Haha that figures. But I'd be ok with that. I want nothing more than to move somewhere up in the Rockies and just hide away in my own little cabin on self sustaining farming. But alas... Boyfriend has a son with a woman in Texas that we will not leave behind, so ill have to wait until we're retired or something changes. :/


----------



## n8gnf

Some of my kids and fosters


----------



## MaransGuy

I like the Black one.


----------



## kaufranc

I like the black one too!
Is it part Newfy?


----------



## jennifer

My sweet old girl Montana..


----------



## ChickenAdmin

powderhogg01 said:


> View attachment 12767
> 
> 
> View attachment 12768
> 
> 
> View attachment 12769
> 
> 
> View attachment 12770
> 
> 
> View attachment 12771
> 
> 
> Just a day at work in the Rockies.


That looks like rural Colorado. Am I right?


----------



## leviparker

Here are some geese at my friends pond, took the picture just at the right time .


My little reds waiting on the roosters consent.


----------



## powderhogg01

Austin said:


> That looks like rural Colorado. Am I right?
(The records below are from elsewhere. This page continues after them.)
Definition Fpd (p z : R) : R :=
  if Req_EM_T p 1 then ln z
  else if Req_EM_T p 0 then 1 - / z
  else (Rpower z (p - 1) - 1) / (p - 1).

Definition Fpdd (p z : R) : R := Rpower z (p - 2).

Definition d_tau (w : R -> R -> R) (t y : R) : R := Derive (fun s => w s y) t.
Definition d_y (w : R -> R -> R) (t y : R) : R := Derive (fun z => w t z) y.
Definition d_yy (w : R -> R -> R) (t y : R) : R := Derive (fun z => d_y w t z) y.

(* Supremum norm ||f||_{L^oo} = sup_y |f y| (as a real; used only for bounded f). *)
Definition Linf_norm (f : R -> R) : R :=
  real (Lub_Rbar (fun r => exists y, r = Rabs (f y))).

Definition is_profile (d1 d2 al be Am Ap : R) (U V Lam : R -> R) : Prop :=
  (forall y, ex_derive U y /\ ex_derive (Derive U) y /\ continuous (Derive (Derive U)) y) /\
  (forall y, ex_derive V y /\ ex_derive (Derive V) y /\ continuous (Derive (Derive V)) y) /\
  (exists m M, 0 < m /\ forall y, m <= U y <= M /\ m <= V y <= M) /\
  (forall y, d1 * Derive (Derive U) y + y / 2 * Derive U y + al * Lam y = 0) /\
  (forall y, d2 * Derive (Derive V) y + y / 2 * Derive V y - be * Lam y = 0) /\
  (forall y, Rpower (U y) al = Rpower (V y) be) /\
  is_lim U m_infty (Rpower Am be) /\ is_lim U p_infty (Rpower Ap be) /\
  is_lim V m_infty (Rpower Am al) /\ is_lim V p_infty (Rpower Ap al).

Definition relent_dens (p : R) (U V : R -> R) (u v : R -> R -> R) (t y : R) : R :=
  U y * Fp p (u t y / U y) + V y * Fp p (v t y / V y).
Definition relent (p : R) (U V : R -> R) (u v : R -> R -> R) (t : R) : R :=
  integral_R (relent_dens p U V u v t).

Definition is_solution (d1 d2 k al be Am Ap : R) (U V Lam : R -> R) (p : R)
    (u v : R -> R -> R) : Prop :=
  (forall t y, 0 <= t -> 0 < u t y /\ 0 < v t y) /\
  (forall t y, 0 < t ->
     ex_derive (fun s => u s y) t /\ ex_derive (fun z => u t z) y /\
     ex_derive (fun z => d_y u t z) y /\
     ex_derive (fun s => v s y) t /\ ex_derive (fun z => v t z) y /\
     ex_derive (fun z => d_y v t z) y /\
     continuous (fun q : R * R => u (fst q) (snd q)) (t, y) /\
     continuous (fun q : R * R => d_tau u (fst q) (snd q)) (t, y) /\
     continuous (fun q : R * R => d_y u (fst q) (snd q)) (t, y) /\
     continuous (fun q : R * R => d_yy u (fst q) (snd q)) (t, y) /\
     continuous (fun q : R * R => v (fst q) (snd q)) (t, y) /\
     continuous (fun q : R * R => d_tau v (fst q) (snd q)) (t, y) /\
     continuous (fun q : R * R => d_y v (fst q) (snd q)) (t, y) /\
     continuous (fun q : R * R => d_yy v (fst q) (snd q)) (t, y)) /\
  (forall t y, 0 < t ->
     d_tau u t y = d1 * d_yy u t y + y / 2 * d_y u t y
                   + exp t * al * k * (Rpower (v t y) be - Rpower (u t y) al) /\
     d_tau v t y = d2 * d_yy v t y + y / 2 * d_y v t y
                   - exp t * be * k * (Rpower (v t y) be - Rpower (u t y) al)) /\
  (forall t, 0 < t ->
     is_lim (u t) m_infty (Rpower Am be) /\ is_lim (u t) p_infty (Rpower Ap be) /\
     is_lim (v t) m_infty (Rpower Am al) /\ is_lim (v t) p_infty (Rpower Ap al)) /\
  (forall t, 0 <= t -> integrable_R (relent_dens p U V u v t)) /\
  (forall t, 0 < t ->
     integrable_R (fun y => Derive (fun s => relent_dens p U V u v s y) t) /\
     is_derive (relent p U V u v) t
       (integral_R (fun y => Derive (fun s => relent_dens p U V u v s y) t))) /\
  integrable_R (fun y => Lam y ^ 2 / Rpower (U y) al) /\
  (forall t, 0 < t ->
     let rho := fun y => u t y / U y in
     let zeta := fun y => v t y / V y in
     integrable_R (fun y => U y * Fp p (rho y)) /\
     integrable_R (fun y => V y * Fp p (zeta y)) /\
     integrable_R (fun y => Fpd p (rho y) * d_tau u t y) /\
     integrable_R (fun y => Fpd p (zeta y) * d_tau v t y) /\
     integrable_R (fun y => Fpd p (rho y) * (d1 * d_yy u t y + y / 2 * d_y u t y)) /\
     integrable_R (fun y => Fpd p (zeta y) * (d2 * d_yy v t y + y / 2 * d_y v t y)) /\
     integrable_R (fun y => U y * Fpdd p (rho y) * (Derive rho y) ^ 2) /\
     integrable_R (fun y => V y * Fpdd p (zeta y) * (Derive zeta y) ^ 2) /\
     integrable_R (fun y => Lam y * Fp p (rho y)) /\
     integrable_R (fun y => Lam y * Fp p (zeta y)) /\
     integrable_R (fun y => Lam y * rho y * Fpd p (rho y)) /\
     integrable_R (fun y => Lam y * zeta y * Fpd p (zeta y)) /\
     integrable_R (fun y => (al * Fpd p (rho y) - be * Fpd p (zeta y))
                            * (Rpower (v t y) be - Rpower (u t y) al))) /\
  (* no boundary terms in integrations by parts: rho, zeta -> 1 with decay *)
  (forall t, 0 < t ->
     let rho := fun y => u t y / U y in
     let zeta := fun y => v t y / V y in
     is_lim (fun y => y * (rho y - 1)) m_infty 0 /\
     is_lim (fun y => y * (rho y - 1)) p_infty 0 /\
     is_lim (fun y => y * (zeta y - 1)) m_infty 0 /\
     is_lim (fun y => y * (zeta y - 1)) p_infty 0 /\
     is_lim (Derive rho) m_infty 0 /\ is_lim (Derive rho) p_infty 0 /\
     is_lim (Derive zeta) m_infty 0 /\ is_lim (Derive zeta) p_infty 0).

From Stdlib Require Import Reals Lra FunctionalExtensionality.
From Coquelicot Require Import Coquelicot.
Open Scope R_scope.

(* Since U^a = V^a, the profile has V = U; adding the two profile
   equations gives (d1 + d2) U'' + y U' = 0, so U' is a Gaussian, U' and y U'
   are bounded and a Lam = (d1/(d1+d2) - 1/2) y U' (Lam/U is bounded).
   With rho = u/U and zeta = v/U, the time derivative of the entropy density
   U F(rho) + U F(zeta) equals
       Psi' - (dissipation >= 0) - density/2 + source,
   where Psi is an explicit flux vanishing at +-oo and
       source = a Lam (G(zeta) - G(rho))
                + e^tau a k (v^a - u^a) (F'(rho) - F'(zeta)),   G = z F' - F.
   Integrating over the line, any continuous integrable majorant Q of the
   source gives  E' <= -E/2 + int Q.  Pointwise majorants then give the two
   cases: for p = a - 1 a Cauchy-Schwarz inequality between increments of G
   and F' lets the reaction absorb the multiplier term (completing a square);
   for a = 1, p = 1/2 an explicit computation in sqrt rho, sqrt zeta. *)

(* Normalise the goals produced by [auto_derive]: eta-reduce [fun x => f x]
   and force the equation to live in [R] so that [field]/[ring] apply. *)
Ltac clean_derive_goal :=
  match goal with |- ?a = ?b => change (@eq R a b) end;
  repeat match goal with
         | |- context [fun x : R => ?f x] => progress change (fun x : R => f x) with f
         end.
You sir are indeed correct. Love this valley.. It's nice..


----------



## ChickenAdmin

I love that area too. My family vacationed there when I was a kid. I have fond memories of waking up in the mountains.


----------



## ten-acre-farms

Pretty chick nesting in a glass dish. She's so glassey!


----------



## InThePoultryPens

My lovely west highland white terrier Ozzy


----------



## ChickenAdmin

That looks like the dog from the Caesar commercials.


----------



## InThePoultryPens

Same type he's 8 years old and acts like a puppy


----------



## InThePoultryPens

Me with my chicken mable


----------



## InThePoultryPens

Sorry it didn't work but here's me and Mabel


----------



## MaransGuy

leviparker said:


> Here are some geese at my friends pond, took the picture just at the right time .
> 
> My little reds waiting on the roosters consent.


beautiful!


----------



## leviparker

These are my three month old Rhode Island reds


----------



## MaransGuy

Very nice.


----------



## leviparker

Sorry the pictures are so bad


----------



## kaufranc

I have created a monster! I feed Black Lady on the porch yesterday. Today I hear tapping on the door . Sure enough she is looking for a treat! I can't resist and I give her a bowl of Mac N Cheese! They are no dummies!


----------



## Itsacutefuzzball

kaufranc said:


> I have created a monster! I feed Black Lady on the porch yesterday. Today I hear tapping on the door . Sure enough she is looking for a treat! I can't resist and I give her a bowl of Mac N Cheese! They are no dummies!


Lol Kaufranc!


----------



## MaransGuy

lol! Sweetness!


----------



## leviparker

This is baldy


----------



## Apyl

We had a bunch of Cranes fly over head over the weekend. Its was really windy so not sure if the wind was messing them up or if they somehow got confused, but they flew around in circles about the house for about 5 minutes. I took a ton of pics, here are a couple.


----------



## MaransGuy

Here is my Red American Game stag. His dad is the Grey. They are both beautiful in my opinion, but the Red is my favorite.


----------



## LittleWings

I like the Red one too. His tail feathers are so wide! That Grey is awesome too.


----------



## MaransGuy

I know! I love the way his tail feathers do. I like how his hackle and saddle feathers look orange like. I love that guy!


----------



## Hollowmoon

(yes I am a teenager) A Youth Season Tom

~Olivia


----------



## will

Pic from my little farm


----------



## MaransGuy

Here's a recent pic of my American Game rooster and his hens.


----------